The question is only answerable as other than a matter of opinion because you have been specific about the target and toolchain. It is not possible to generalise (and never has been).
The GNU ARM toolchain uses the Newlib C library. Newlib is designed to be architecture agnostic and portable. As such it is written in C rather then assembler, so its performance is determined by the code generation of the compiler and in turn the compiler options applied when the library is built. It is possible to build for a very specific ARM architecture, or to build for more generic ARM instruction subset; that will affect performance too.

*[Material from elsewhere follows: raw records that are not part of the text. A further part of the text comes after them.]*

(* Let $p$ be a prime, $m$ a positive integer, let $e,k$ be integers with $e\geq2$ and $1\leq k\leq e-1$, and let $b\ge2$ be an integer. If $0\leq i\leq p^{e-k-1}$ is such that $b+i\leq p^{e-k}$ and $i\leq b$, then $$d_b\big(\mathcal{C}_{p^e-p^{e-k}+i}\big)=p^k(b+i).$$
   Context: For $0\le t\le p^e$, $\mathcal{C}_t$ denotes the cyclic code $\langle (x-1)^t\rangle\subseteq \mathbb{F}_{p^m}[x]/\langle x^{p^e}-1\rangle$, with polynomials identified with their coefficient vectors in $\mathbb{F}_{p^m}^{p^e}$. For $c\in\mathbb{F}_{p^m}^{n}$, $\pi_b(c)$ is the list of the $n$ cyclically consecutive $b$-tuples $(c_j,\dots,c_{j+b-1})$ (indices mod $n$), $d_b(c,c')=d_H(\pi_b(c),\pi_b(c'))$, and $d_b(\mathcal{C})$ is the minimum of $d_b(c,c')$ over distinct $c,c'\in\mathcal{C}$. *)

From HB Require Import structures.
From mathcomp Require Import all_boot all_order all_algebra.
Set Implicit Arguments. Unset Strict Implicit. Unset Printing Implicit Defensive.
Import GRing.Theory.
Local Open Scope ring_scope.

(* The index (k mod n) as an element of 'I_n (n > 0 is witnessed by i). *)
Definition cidx (n : nat) (i : 'I_n) (k : nat) : 'I_n :=
  Ordinal (ltn_pmod k (leq_ltn_trans (leq0n i) (ltn_ord i))).

(* Cyclic code C_t = <(x-1)^t> in F[x]/<x^n - 1>, as a predicate on
   coefficient vectors: c is the coefficient vector of ((x-1)^t * g) mod (x^n-1)
   for some polynomial g. *)
Definition in_Ct (F : fieldType) (n t : nat) (c : {ffun 'I_n -> F}) : Prop :=
  exists g : {poly F},
    forall i : 'I_n, c i = ((('X - 1) ^+ t * g) %% ('X ^+ n - 1))`_i.

Definition bsym (F : fieldType) (n b : nat) (c : {ffun 'I_n -> F}) (j : 'I_n)
  : {ffun 'I_b -> F} :=
  [ffun l : 'I_b => c (cidx j (j + l)%N)].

Moreover Newlib itself can be built with various conditional compilation options such as PREFER_SIZE_OVER_SPEED
and __OPTIMIZE_SIZE__
.
Now if you are able to generate better ARM assembler code (and have the time) than the compiler, then that is great, but such kung-foo coding skills are increasingly rare and frankly increasingly unnecessary. Do you have sufficient assembler expertise to beat the compiler; do you have time, and do you really want to do that for every architecture you might use? It may be a premature optimisation, and be rather unproductive.

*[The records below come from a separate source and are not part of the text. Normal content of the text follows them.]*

Section FractionHeap.
Variable hop : T -> T -> T -> T.
Hypothesis hop_heap : is_heap hop.
Hypothesis mul_hopr :
  forall a b c d, mul a (hop b c d) = hop (mul a b) (mul a c) (mul a d).

Lemma frac_rel_Q_hop_same_denom {D a a' a'' x y z g1 g2 g3} :
  frac_rel mul (D, a) x -> frac_rel mul (D, a') y -> frac_rel mul (D, a'') z ->
  mul g1 (fst x) = mul g2 (fst y) -> mul g2 (fst y) = mul g3 (fst z) ->
  frac_rel mul (D, hop a a' a'')
    (mul g1 (fst x), hop (mul g1 (snd x)) (mul g2 (snd y)) (mul g3 (snd z))).
Proof.
  destruct x as [x1 x2], y as [y1 y2], z as [z1 z2]; simpl.
  intros Hx Hy Hz E1 E2.
  destruct (mul_ore D (mul g1 x1)) as [e [e' He]].
  assert (K1 : mul e a = mul (mul e' g1) x2).
  { apply (frac_rel_num_eq Hx). now rewrite <- mulA. }
  assert (K2 : mul e a' = mul (mul e' g2) y2).
  { apply (frac_rel_num_eq Hy). now rewrite <- mulA, <- E1. }
  assert (K3 : mul e a'' = mul (mul e' g3) z2).
  { apply (frac_rel_num_eq Hz). now rewrite <- mulA, <- E2, <- E1. }
  apply frac_rel_intro with e e'; [exact He |].
  now rewrite !mul_hopr, K1, K2, K3, !mulA.
Qed.

Lemma Q_hop_same_denom D a a' a'' :
  Q_hop hop (Qfrac D a) (Qfrac D a') (Qfrac D a'') = Qfrac D (hop a a' a'').
Proof.
  apply to_Q_frac.
  apply functional_extensionality. intro p.
  apply propositional_extensionality. split.
  - intros [x [y [z [g1 [g2 [g3 [Hx [Hy [Hz [_ [_ [_ [E1 [E2 R]]]]]]]]]]]]]].
    exact (frac_rel_trans (frac_rel_Q_hop_same_denom Hx Hy Hz E1 E2) R).
  - intro R. exists (D, a), (D, a'), (D, a''), D, D, D.
    repeat split; try apply frac_rel_refl; try apply no_absorber; simpl.
    rewrite <- mul_hopr.
    exact (frac_rel_trans (frac_rel_scale _ _ D) R).
Qed.

Lemma Q_is_heap : is_heap (@Q_hop T hop mul).
Proof.
  destruct hop_heap as [hopA hop_id]. split.
  - intros X1 X2 X3 X4 X5.
    destruct (Q_common_denom X1 [X2; X3; X4; X5]) as [D Hall].
    repeat rewrite Forall_cons_iff in Hall.
    destruct Hall as ([a1 ->] & [a2 ->] & [a3 ->] & [a4 ->] & [a5 ->] & _).
    now rewrite !Q_hop_same_denom, hopA.
  - intros X Y.
    destruct (Q_common_denom X [Y]) as [D Hall].
    repeat rewrite Forall_cons_iff in Hall.
    destruct Hall as ([a ->] & [b ->] & _).
    rewrite !Q_hop_same_denom.
    split; f_equal; apply hop_id.
Qed.

Lemma Q_mul_hopr (X Y Z W : Q mul) :
  Q_mul X (Q_hop hop Y Z W) = Q_hop hop (Q_mul X Y) (Q_mul X Z) (Q_mul X W).
Proof.
  destruct (Q_common_denom Y [Z; W]) as [D Hall].
  repeat rewrite Forall_cons_iff in Hall.
  destruct Hall as ([a1 ->] & [a2 ->] & [a3 ->] & _).
  destruct (Q_frac_rep X) as [b [a ->]].
  destruct (mul_ore D a) as [g [g' E]].
  now rewrite Q_hop_same_denom, !(Q_mul_frac E), Q_hop_same_denom, mul_hopr.
Qed.

End FractionHeap.
End OreFractions.

Theorem corollary5p5 (T : Type) (hop : T -> T -> T -> T) (mul : T -> T -> T)
  (HT : is_near_truss hop mul) (Hreg : left_regular mul)
  (Hnoabs : forall z : T, ~ absorber mul z) :
  forall b : T,
    is_skew_brace
      (fun X Y : Q mul => @Q_hop T hop mul X (@Q_of T mul b b (Hnoabs b)) Y)
      (@Q_mul T mul).
Proof.
  intro b.
  destruct HT as [[hop_heap mulA] mul_hopr].
  eapply (skew_brace_of_brace_type _ _
            (Q_is_heap _ _ mulA Hreg Hnoabs _ hop_heap mul_hopr)).
  - exact (Q_mul_hopr _ _ mulA Hreg Hnoabs _ mul_hopr).
  - exact (Q_mul_group _ _ mulA Hreg Hnoabs b).
Qed.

In some circumstances, on targets with the capability, it may be worthwhile setting up a memory-to-memory DMA transfer. The GNU ARM compiler will not generate DMA code because that is chip vendor dependent and not part of the ARM architecture. However memcpy
is general purpose for arbitrary copy size alignment and thread safety. For specific circumstances where DMA is optimal, better perhaps to define a new differently named routine and use it where it is needed rather than redefine memcpy
and risk it being sub-optimal for small copies which may predominate, or multi-threaded applications.

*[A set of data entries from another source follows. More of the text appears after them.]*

(* Put P := B + C and Q := B - C. Every combination l1 B + l2 C equals
   al P + be Q with al := (l1 + l2) / 2 and be := (l1 - l2) / 2, and the
   parallelogram law in C gives |al|^2 + |be|^2 = (|l1|^2 + |l2|^2) / 2 <= 1/2.
   As w_N is a seminorm on bounded operators, w_N(al P + be Q) is at most
   |al| w_N(P) + |be| w_N(Q), and Cauchy-Schwarz in R^2 gives the upper bound;
   l1 = +-l2 = 1/sqrt 2 gives the lower bound.
   That w_N is a seminorm rests on T |-> T^* being additive and conjugate
   homogeneous.  As [adjoint] returns the zero operator when no adjoint
   exists, this needs the Riesz representation theorem.  The vector
   representing a bounded functional f is a multiple of the point of least
   norm of the closed hyperplane [f = 1], the limit of a minimizing sequence,
   which is Cauchy by the parallelogram law. *)

Set Implicit Arguments.
Unset Strict Implicit.
Unset Printing Implicit Defensive.

Import Order.TTheory GRing.Theory Num.Theory ComplexField.Normc.
Local Open Scope ring_scope.

Section ScalarMap.
Variables (K : pzRingType) (V : lmodType K) (f : V -> K).
Hypothesis f_scalar : forall a x y, f (a *: x + y) = a * f x + f y.

Lemma scalar_map0 : f 0 = 0.
Proof.
have := f_scalar 1 0 0; rewrite scale1r !addr0 mul1r -{1}[f 0]addr0.
by move/addrI.
Qed.

Lemma scalar_mapD x y : f (x + y) = f x + f y.
Proof. by have := f_scalar 1 x y; rewrite scale1r mul1r. Qed.

Lemma scalar_mapZ a x : f (a *: x) = a * f x.
Proof. by have := f_scalar a x 0; rewrite !addr0 scalar_map0 addr0. Qed.

Lemma scalar_mapB x y : f (x - y) = f x - f y.
Proof. by rewrite scalar_mapD -scaleN1r scalar_mapZ mulN1r. Qed.

End ScalarMap.

Lemma sqrtr_cauchy_schwarz2 (R : rcfType) (x y a b : R) :
  x * a + y * b <= Num.sqrt (x ^+ 2 + y ^+ 2) * Num.sqrt (a ^+ 2 + b ^+ 2).
Proof.
rewrite -sqrtrM ?addr_ge0 ?sqr_ge0 //; apply: le_trans (ler_norm _) _.
rewrite -sqrtr_sqr ler_wsqrtr //.
have -> : (x ^+ 2 + y ^+ 2) * (a ^+ 2 + b ^+ 2) =
    (x * a + y * b) ^+ 2 + (x * b - y * a) ^+ 2 by ring.
by rewrite lerDl sqr_ge0.
Qed.

Lemma inv_succ_lt_eventually (R : realType) (e : R) : 0 < e ->
  exists N : nat, forall n : nat, (N <= n)%N -> n.+1%:R^-1 < e.
Proof.
move=> e0; exists (Num.truncn e^-1) => n Nn.
rewrite invf_plt ?posrE //; apply: lt_le_trans (truncnS_gt e^-1) _.
by rewrite ler_nat ltnS.
Qed.

Section ComplexNorm.
Variable R : realType.
Implicit Types (z w : R[i]) (r t : R).

Lemma normr_normc z : `|z| = (normc z)%:C%C.
Proof. by case: z. Qed.

Lemma normc_ge0 z : 0 <= normc z.
Proof. by case: z => a b; exact: sqrtr_ge0. Qed.

Lemma normc_real r : 0 <= r -> normc r%:C%C = r.
Proof. by move=> r0; rewrite /= expr0n addr0 sqrtr_sqr ger0_norm. Qed.

Lemma normc_nat n : normc (n%:R : R[i]) = n%:R.
Proof. by rewrite -(rmorph_nat (real_complex R)) normc_real ?ler0n. Qed.

Lemma conjC_real r : (r%:C%C)^* = r%:C%C :> R[i].
Proof. exact: conjc_real. Qed.

Lemma normc_conj z : normc z^* = normc z.
Proof. by case: z => a b /=; rewrite sqrrN. Qed.

Lemma Re_le_normc z : complex.Re z <= normc z.
Proof.
case: z => a b /=; apply: le_trans (ler_norm a) _.
by rewrite -sqrtr_sqr ler_wsqrtr // lerDl sqr_ge0.
Qed.

Lemma normc_parallelogram z w :
  normc (z + w) ^+ 2 + normc (z - w) ^+ 2 = 2 * (normc z ^+ 2 + normc w ^+ 2).
Proof.
by case: z w => [a b] [c d] /=; rewrite !sqr_sqrtr ?addr_ge0 ?sqr_ge0 //; ring.
Qed.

The implementation of memcpy()
in Newlib for example can be seen here. It is a reasonable idiomatic implementation and therefore sympathetic to a typical compiler optimiser, which generally work best on idiomatic code. An alternative implementation may perform better in un-optimised compilation, but if it is "unusual", the optimiser may not work as well. If you are writing it in assembler, you just have to be better than the compiler - you'd be a rare though not necessarily valuable (commercially) commodity. That said, looking at this specific implementation, it does look far less efficient for large un-aligned blocks in the speed-over-size implementation. It would be possible to improve that at some small expense perhaps to more common aligned copies.